With two boys under four terrorizing my home, I’m curious how our third child, due February 2018, will handle the madness. I don’t worry much about things falling into place because as a seasoned mother, I know I have absolutely no control over the future, and any concerns swirling in the jumbled soup of my brain are just taking up the space needed to remember each Paw Patrol pup’s special skill. I’ve come a long way in five years.

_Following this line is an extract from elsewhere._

(* Let $\Xi\to C$ be a sequent without stoups (regarded, in the context of $\mathcal{M}'_{2018}$, as a sequent all of whose stoups are empty). Then the following are equivalent: (1) $\Xi\to C$ is derivable in $\mathcal{F}_{2018}$ without cut; (2) $\Xi\to C$ is derivable in $\mathcal{F}_{2018}$, possibly using cut; (3) $\Xi\to C$ is derivable in $\mathcal{M}'_{2018}$ extended with the stoup cut rule; (4) $\Xi\to C$ is derivable in $\mathcal{M}'_{2018}$ (without cut). The same equivalence holds with $\mathcal{F}^{-}_{2018}$ in place of $\mathcal{F}_{2018}$ and $\mathcal{M}'^{-}_{2018}$ in place of $\mathcal{M}'_{2018}$.
   Context: Formulae are built from a countable set of variables and $\mathbf1$ by $\backslash,/,\cdot,\wedge,\vee$ and the unary $\langle\rangle$, $[]^{-1}$, $!$. Calculi with stoups: a stoup is a finite multiset of formulae ($\varnothing$ empty); a tree term is a formula or $[\Xi]$; a meta-formula is $\zeta;\Gamma$ ($\zeta$ a stoup, $\Gamma$ a finite sequence of tree terms, empty $\Lambda$), $\varnothing;\Gamma$ written $\Gamma$; comma is concatenation / multiset union; sequents $\Xi\to C$; $\Xi(\Theta)$ designates an occurrence of a meta-formula $\Theta$ which is $\Xi$ itself or the content of a bracket $[\Theta]$ at any depth. Rules of $\mathcal{M}'_{2018}$: axioms $A\to A$, $\Lambda\to\mathbf1$; ($/L$) from $\zeta_1;\Gamma\to B$ and $\Xi(\zeta_2;\Delta_1,C,\Delta_2)\to D$ infer $\Xi(\zeta_1,\zeta_2;\Delta_1,C/B,\Gamma,\Delta_2)\to D$; ($/R$) from $\zeta;\Gamma,B\to C$ infer $\zeta;\Gamma\to C/B$; ($\backslash L$) from $\zeta_1;\Gamma\to A$ and $\Xi(\zeta_2;\Delta_1,C,\Delta_2)\to D$ infer $\Xi(\zeta_1,\zeta_2;\Delta_1,\Gamma,A\backslash C,\Delta_2)\to D$; ($\backslash R$) from $\zeta;A,\Gamma\to C$ infer $\zeta;\Gamma\to A\backslash C$; ($\cdot L$) from $\Xi(\zeta;\Delta_1,A,B,\Delta_2)\to D$ infer $\Xi(\zeta;\Delta_1,A\cdot B,\Delta_2)\to D$; ($\cdot R$) from $\zeta_1;\Delta\to A$, $\zeta_2;\Gamma\to B$ infer $\zeta_1,\zeta_2;\Delta,\Gamma\to A\cdot B$; ($\mathbf1L$) from $\Xi(\zeta;\Delta_1,\Delta_2)\to A$ infer $\Xi(\zeta;\Delta_1,\mathbf1,\Delta_2)\to A$; ($\vee L$) from $\Xi(\zeta;\Delta_1,A_1,\Delta_2)\to C$ and $\Xi(\zeta;\Delta_1,A_2,\Delta_2)\to C$ infer $\Xi(\zeta;\Delta_1,A_1\vee A_2,\Delta_2)\to C$; ($\vee R_i$) from $\Xi\to A_i$ infer $\Xi\to A_1\vee A_2$; ($\wedge L_i$) from $\Xi(\zeta;\Delta_1,A_i,\Delta_2)\to C$ infer $\Xi(\zeta;\Delta_1,A_1\wedge A_2,\Delta_2)\to C$; ($\wedge R$) from $\Xi\to A_1$ and $\Xi\to A_2$ infer $\Xi\to A_1\wedge A_2$; ($[]^{-1}L$) from $\Xi(\zeta;\Delta_1,A,\Delta_2)\to B$ infer $\Xi(\zeta;\Delta_1,[[]^{-1}A],\Delta_2)\to B$; ($[]^{-1}R$) from $[\Xi]\to A$ infer $\Xi\to[]^{-1}A$; ($\langle\rangle L$) from $\Xi(\zeta;\Delta_1,[A],\Delta_2)\to B$ infer $\Xi(\zeta;\Delta_1,\langle\rangle A,\Delta_2)\to B$; ($\langle\rangle R$) from $\Xi\to A$ infer $[\Xi]\to\langle\rangle A$; ($!L$) from $\Xi(\zeta,A;\Gamma_1,\Gamma_2)\to B$ infer $\Xi(\zeta;\Gamma_1,!A,\Gamma_2)\to B$; ($!P$) from $\Xi(\zeta;\Gamma_1,A,\Gamma_2)\to B$ infer $\Xi(\zeta,A;\Gamma_1,\Gamma_2)\to B$; ($!R'$) from $A;\Lambda\to B$ infer $A;\Lambda\to!B$; ($!C'$) from $\Xi(\zeta,A;\Gamma_1,[\zeta',A;\Gamma_2],\Gamma_3)\to B$ infer $\Xi(\zeta,A;\Gamma_1,[[\zeta';\Gamma_2]],\Gamma_3)\to B$. $\mathcal{M}'^{-}_{2018}$ is $\mathcal{M}'_{2018}$ restricted to formulae without $\mathbf1$, without $\Lambda\to\mathbf1$ and $\mathbf1L$, with $\backslash R,/R$ only if $\Gamma\ne\Lambda$ or $\zeta\ne\varnothing$, and $!C'$ only if $\Gamma_2\ne\Lambda$ or $\zeta'\neq\varnothing$. The stoup cut rule is: from $\xi;\Pi\to A$ and $\Xi(\zeta;\Gamma_1,A,\Gamma_2)\to C$ infer $\Xi(\xi,\zeta;\Gamma_1,\Pi,\Gamma_2)\to C$. Stoup-free calculi: meta-formulae are finite sequences of tree terms (all stoups empty); rules of $\mathcal{F}_{2018}$ are the stoup-free versions of the rules above other than $!L,!P,!R',!C'$ (drop all stoups), together with ($!L$) from $\Xi(\Delta_1,A,\Delta_2)\to C$ infer $\Xi(\Delta_1,!A,\Delta_2)\to C$; ($!P_1$) from $\Xi(\Delta_1,!A,\Phi,\Delta_2)\to C$ infer $\Xi(\Delta_1,\Phi,!A,\Delta_2)\to C$; ($!P_2$) the converse; ($!R$) from $!A\to B$ infer $!A\to!B$; ($!C$) from $\Xi(!A,\Gamma_1,[!A,\Gamma_2],\Gamma_3)\to C$ infer $\Xi(!A,\Gamma_1,[[\Gamma_2]],\Gamma_3)\to C$; and the cut rule: from $\Pi\to A$ and $\Xi(\Gamma_1,A,\Gamma_2)\to C$ infer $\Xi(\Gamma_1,\Pi,\Gamma_2)\to C$. $\mathcal{F}^{-}_{2018}$ is $\mathcal{F}_{2018}$ restricted to formulae without $\mathbf1$, without $\Lambda\to\mathbf1$ and $\mathbf1L$, with $\backslash R,/R$ only if $\Gamma\neq\Lambda$, and $!C$ only if $\Gamma_2\neq\Lambda$. *)

From Stdlib Require Import List Bool Permutation.
Import ListNotations.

The first time I got pregnant, I immediately started walking around with my hand cradling my belly while choosing the perfect name for each gender. I had a miscarriage around the six-week mark, and was humiliated. How could I have been so stupid, to plan our lives around a baby that wasn’t real? Shouldn’t I have known, using my maternal instincts, that the pregnancy wasn’t viable? Women, and mothers in particular, are excellent at self-blame, and it took me a year — and one healthy baby — to come to terms with my reaction to loss.
With my third baby I no longer have time for prenatal websites warning me of horrible medical possibilities while giving cutesy updates like, “Your baby is the size of a lemon!” Yeah, well my belly looks like a pork butt, so that little fruit has quite the luxury apartment. That’s the thing about the third baby: there is no hiding. I’ve been visibly pregnant since I peed on the stick, and I’m so sick of parenting websites offering tips for keeping my pregnancy under wraps.

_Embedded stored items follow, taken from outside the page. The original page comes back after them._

(* The proof is an overlap estimate for Gram operators.  Write
   Pi = \sum_a |phi_a><phi_a| (here: the low-weight EPR vectors) and let rho on
   I (x) K satisfy (Pi (x) 1) rho = rho.  For a product vector f (x) g the
   expectation of rho only sees (Pi (x) 1)(f (x) g) = \sum_a <phi_a|f> phi_a (x) g,
   so Cauchy-Schwarz for the positive form <.|rho|.> gives
       <f(x)g|rho|f(x)g> <= (\sum_a |<phi_a|f>|^2) \sum_a <phi_a(x)g|rho|phi_a(x)g>.
   Summing over the vectors of Q_v = \sum_y |u_vy><u_vy| and of the columns of
   the projector P_v yields Tr[(Q_v (x) P_v) rho] <= c Tr[(Pi (x) P_v) rho],
   and the right-hand sides add up to c Tr[(Pi (x) 1) rho] = c
   (guessing_probability_bound).  For the theorem, Q_v measures X in the
   H^theta basis; each low-weight EPR vector has squared overlap 2^-m with the
   vectors H^theta|v> (x) |y> (y ranging), and there are at most (m+1)^(2t)
   low-weight pairs (a, b), whence the bound 2^-m (m+1)^(2t). *)

(* A string of Hamming weight at most t is the indicator of the image of some
   map 'I_t -> {0,..,m} (value 0 meaning "no position"), so there are at most
   (m+1)^t of them. *)
Lemma card_low_weight (m t : nat) : #|[pred a : bits m | hw a <= t]| <= m.+1 ^ t.
Proof.
pose support_of (g : {ffun 'I_t -> 'I_m.+1}) : bits m :=
  [ffun i => [exists k, g k == lift ord0 i]].
have covered : [pred a : bits m | hw a <= t] \subset support_of @: [set: {ffun _}].
  apply/subsetP => a; rewrite inE /= => wt_a.
  pose e := map (lift ord0) (enum [pred i | a i]).
  have size_e : size e <= t by rewrite size_map -cardE.
  apply/imsetP; exists [ffun k : 'I_t => nth ord0 e k]; first by rewrite inE.
  apply/ffunP => i; rewrite ffunE.
  have mem_e : (lift ord0 i \in e) = a i.
    by rewrite mem_map ?mem_enum //; exact: lift_inj.
  rewrite -mem_e; apply/idP/existsP => [e_i | [k]].
    have k_lt : index (lift ord0 i) e < t by apply: leq_trans size_e; rewrite index_mem.
    by exists (Ordinal k_lt); rewrite ffunE /= nth_index.
  rewrite ffunE => /eqP nth_k; case: (ltnP k (size e)) => k_e; first by rewrite -nth_k mem_nth.
  by move: nth_k; rewrite nth_default // => /eqP; rewrite (negbTE (neq_lift _ _)).
apply: leq_trans (subset_leq_card covered) _.
by apply: leq_trans (leq_imset_card _ _) _; rewrite cardsT card_ffun !card_ord.
Qed.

Having had a miscarriage, I didn’t exactly shout it from the rooftops since I knew the possibilities of losing this baby too, but I looked pregnant, what was I supposed to do? According to helpful articles emailed to me every day, I should lie to my friends about why I can’t drink — “I’m still hungover from yesterday!” — and wear muumuus to every event. Because you know, raising concerns about a serious drinking problem and poor fashion sense are preferable to people finding out you’re pregnant before the sacred Week Thirteen.
The only scenario where total secrecy seems necessary is a precarious job situation, where you don’t think you’ll get promoted if your boss finds out you’re knocked up, or you are concerned you’ll lose your job all together. Or perhaps if you’re a nun. Otherwise, if you’re pregnant, be pregnant.
I admit I’ve judged couples that announce on social media before their first doctor visit to confirm the pregnancy, but advocating lying to your drinking buddies and wearing bump camouflage? Let’s save that stress for other areas of our lives, like whether or not epidurals mask all the pain of labor or how we’re going to pay for baby’s college tuition.
The underlying message to women is hiding a new pregnancy is important because you might have a miscarriage, and that should be a dark and shameful secret. Becoming attached, hopeful, and optimistic before week thirteen is foolish, and you should be embarrassed for being naive. Don’t share your blessed news with anyone, for if your angel flies home too soon, the people you told will be burdened with your loss.
If it takes a village to raise a child, that same village should help you recover from losing one. If your child is in an accident or gets a deadly disease, are you forced to keep your grief private for fear of public shaming? (The answer is probably yes, because no matter what unavoidable thing happens to your child, it’ll be Mom’s fault somehow.)
Miscarriages happen to women of all ages, creeds, races, and socio-economic groups, and the insistence that your fetus be kept a secret perpetuates the feelings of shame we feel when loss comes knocking on our door. “I’ve lost my child, the baby that was growing in my womb, but at least I hadn’t told anyone I was pregnant yet! That would have been so awkward.”
If you, like so many women, miscarry at any point during your baby-making career, don’t be ashamed. It happens whether you tell people you’re pregnant, pick out a name, and paint the nursery, or keep it a secret from even your partner until the second trimester. And please, learn from my mistakes: get excited immediately, and love that baby like there’s no chance anything will even happen to him. Having had a miscarriage before my healthy pregnancies, I was afraid to plan, to get attached, to caress my little bump, even into my third trimester. Though there’s always a chance biology will step in and it won’t work out, there’s also a chance everything will be fine, and you will have wasted months keeping your elation at arm’s length for fear of getting hurt.
Loss isn’t shameful, but a society that recommends you hide your grief is. If you’re starting your second, third, or fourth pregnancy with a belly that enters a room two seconds before the rest of your body, there’s no need to wear a burlap sack and tell your best friend you’ve suddenly decided you hate sashimi. Your village will celebrate your highs and nurse you through your lows, and if they don’t? You need a new village.
Embrace every positive test as if there is no chance it’ll come crashing down in a few weeks time. That baby deserves all your fawning motherly love from the very start, even if you never get to meet him.